**WORK ORDER**. Find all lines in the records that include the word "child", and copy them out.

**RECORDS TO USE**.
Section DSep.
Variable V : finType.
Variable edge : rel V.

Definition acyclic : Prop := forall x y, edge x y -> ~~ connect edge y x.

Definition adj : rel V := fun a b => edge a b || edge b a.

Definition collider (a b c : V) : bool := edge a b && edge c b.

Definition triple_active (Z : {set V}) (a b c : V) : bool :=
  if collider a b c then [exists d in Z, connect edge b d]
  else b \notin Z.

Fixpoint triples_active (Z : {set V}) (a b : V) (rest : seq V) : bool :=
  match rest with
  | [::] => true
  | c :: rest' => triple_active Z a b c && triples_active Z b c rest'
  end.

Definition active_path (Z : {set V}) (x : V) (p : seq V) : bool :=
  [&& path adj x p, uniq (x :: p) &
      (if p is b :: rest then triples_active Z x b rest else true)].

Definition d_connected (Z : {set V}) (x y : V) : Prop :=
  exists p, active_path Z x p /\ last x p = y.

Definition d_separated (X Y Z : {set V}) : Prop :=
  forall x y, x \in X -> y \in Y -> ~ d_connected Z x y.
End DSep.

(* Indep X Y Z  stands for  X _||_ Y | Z  under P (the CI oracle).      *)
Section PFBP.
Variable V : finType.
Variable T : V.
Variable Indep : {set V} -> {set V} -> {set V} -> bool.

(* P can be faithfully represented by a Bayesian network: there is a DAG G
   whose d-separation statements are exactly the CI statements of P
   (Markov condition + faithfulness), for disjoint triples. *)
Definition faithful_BN : Prop :=
  exists edge : rel V, acyclic edge /\
    forall X Y Z : {set V},
      [disjoint X & Y] -> [disjoint X & Z] -> [disjoint Y & Z] ->
      (Indep X Y Z <-> d_separated edge X Y Z).

Definition features : {set V} := ~: [set T].

Definition ci (X : V) (S : {set V}) : bool := Indep [set X] [set T] S.

Definition mb_property (S : {set V}) : bool :=
  Indep (~: (T |: S)) [set T] S.

Definition markov_blanket (S : {set V}) : Prop :=
  [/\ S \subset features, mb_property S &
      forall S' : {set V}, S' \proper S -> ~~ mb_property S'].

Definition early_drop (S R : {set V}) : {set V} := [set X in R | ~~ ci X S].

(* The choice of the added
   variable (the "best-ranked" one) is arbitrary: all choices are covered. *)
Inductive forward : {set V} -> {set V} -> {set V} -> Prop :=
| fwd_stop (S R : {set V}) : early_drop S R = set0 -> forward S R S
| fwd_add (S R : {set V}) (X : V) (Sout : {set V}) :
    X \in early_drop S R ->
    forward (X |: S) (early_drop S R :\ X) Sout -> forward S R Sout.

(* backward phase, again with arbitrary choice of the removed variable *)
Inductive backward : {set V} -> {set V} -> Prop :=
| bwd_stop (S : {set V}) : (forall X, X \in S -> ~~ ci X (S :\ X)) -> backward S S
| bwd_remove (S : {set V}) (X : V) (Sout : {set V}) :
    X \in S -> ci X (S :\ X) -> backward (S :\ X) Sout -> backward S Sout.

Definition run (S S' : {set V}) : Prop :=
  exists S1, forward S (features :\: S) S1 /\ backward S1 S'.

Fixpoint pfbp (n : nat) (S Sout : {set V}) : Prop :=
  match n with
  | 0 => Sout = S
  | n'.+1 => exists S', run S S' /\
      (if S' == S then Sout = S else pfbp n' S' Sout)
  end.
End PFBP.

(* Under faithfulness, [X _||_ T | Z] holds exactly when [Z] d-separates [X]
   from [T]. A parent or child of [T] is d-connected to [T] given every set,
   so the first forward phase selects all of them and no backward phase can
   remove them. Once every parent and child is selected, a spouse of [T] is
   d-connected to [T] through the common child, so the forward phase of the
   second Run selects the whole Markov blanket; every active path into [T]
   enters through a member of the blanket, so given a superset of the blanket
   every other feature is independent of [T], and the backward phase removes
   exactly those features. *)
From mathcomp Require Import all_boot.
Set Implicit Arguments. Unset Strict Implicit. Unset Printing Implicit Defensive.

Section Graph.
Variables (V : finType) (edge : rel V).
Hypothesis edge_acyclic : acyclic edge.

Lemma edge_irrefl x : ~~ edge x x.
Proof. by apply/negP => /edge_acyclic; rewrite connect0. Qed.

Lemma edge_asym x y : edge x y -> ~~ edge y x.
Proof. by move=> exy; apply/negP => /edge_acyclic; rewrite connect1. Qed.

Lemma adj_neq x y : adj edge x y -> x != y.
Proof. by apply: contraTneq => ->; rewrite /adj orbb edge_irrefl. Qed.

Lemma adj_d_connected (Z : {set V}) x y : adj edge x y -> d_connected edge Z x y.
Proof.
move=> axy; exists [:: y]; split=> //.
by rewrite /active_path /= axy !inE adj_neq.
Qed.

Lemma collider_d_connected (Z : {set V}) x y c :
  edge x c -> edge y c -> c \in Z -> x != y -> d_connected edge Z x y.
Proof.
move=> exc eyc cZ neq_xy; exists [:: c; y]; split=> //.
have neq_xc : x != c by apply: contraTneq exc => ->; rewrite edge_irrefl.
have neq_cy : c != y by apply: contraTneq eyc => <-; rewrite edge_irrefl.
rewrite /active_path /= /adj exc eyc orbT !inE negb_or neq_xc neq_xy neq_cy /=.
rewrite /triple_active /collider exc eyc andbT.
by apply/existsP; exists c; rewrite cZ connect0.
Qed.

Variable T : V.

Definition pc_set : {set V} := [set y | adj edge y T].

**REPLY**.
   from [T]. A parent or child of [T] is d-connected to [T] given every set,
   remove them. Once every parent and child is selected, a spouse of [T] is
   d-connected to [T] through the common child, so the forward phase of the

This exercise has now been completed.